WORK INSTRUCTIONS
The result should be every line in the data below that carries the string "apply".

EXTRACTED ENTRIES
Lemma expvec_le_addr u v :
  (forall (i : 'I_n) l, nth 0 (v ord0 i) l <= nth 0 (u ord0 i) l)%N -> exists t, u = v + t.
Proof.
move=> vu; pose t i : {poly nat} :=
  Poly (mkseq (fun l => nth 0 (u ord0 i) l - nth 0 (v ord0 i) l)%N (size (u ord0 i))).
exists (\row_i t i); apply: expvecP => i l; rewrite !mxE coefD coef_Poly.
have [lu | ul] := ltnP l (size (u ord0 i)); first by rewrite nth_mkseq //; exact/esym/subnKC.
have u0 : (u ord0 i)`_l = 0%N by rewrite nth_default.
move: (vu i l); rewrite u0 leqn0 => /eqP ->.
by rewrite nth_default ?size_mkseq.
Qed.

Lemma expvec_scale_geXn (g : {poly nat}) w : g != 0 ->
  exists l t, g *: w = 'X^l *: w + t.
Proof.
move=> g0; exists (size g).-1; apply: expvec_le_addr => i q; rewrite !mxE.
rewrite coefXnM; case: ltnP => // lq; rewrite coefM.
have ltq : ((size g).-1 < q.+1)%N by rewrite ltnS.
rewrite (bigD1 (Ordinal ltq)) //= -lead_coefE; apply: leq_trans (leq_addr _ _).
by apply: leq_pmull; rewrite lt0n lead_coef_eq0.
Qed.

Definition rad_closure S := exp_sqrt (exp_closure S).

Lemma rad_closure_id S u : S u -> rad_closure S u.
Proof.
move=> Su; exists 1%N; split => //; exists u, 1, 0; split.
- by exists 0%N.
- exact: oner_neq0.
- by rewrite scale1r addr0.
Qed.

REPLY
exists (\row_i t i); apply: expvecP => i l; rewrite !mxE coefD coef_Poly.
move=> g0; exists (size g).-1; apply: expvec_le_addr => i q; rewrite !mxE.
rewrite (bigD1 (Ordinal ltq)) //= -lead_coefE; apply: leq_trans (leq_addr _ _).
by apply: leq_pmull; rewrite lt0n lead_coef_eq0.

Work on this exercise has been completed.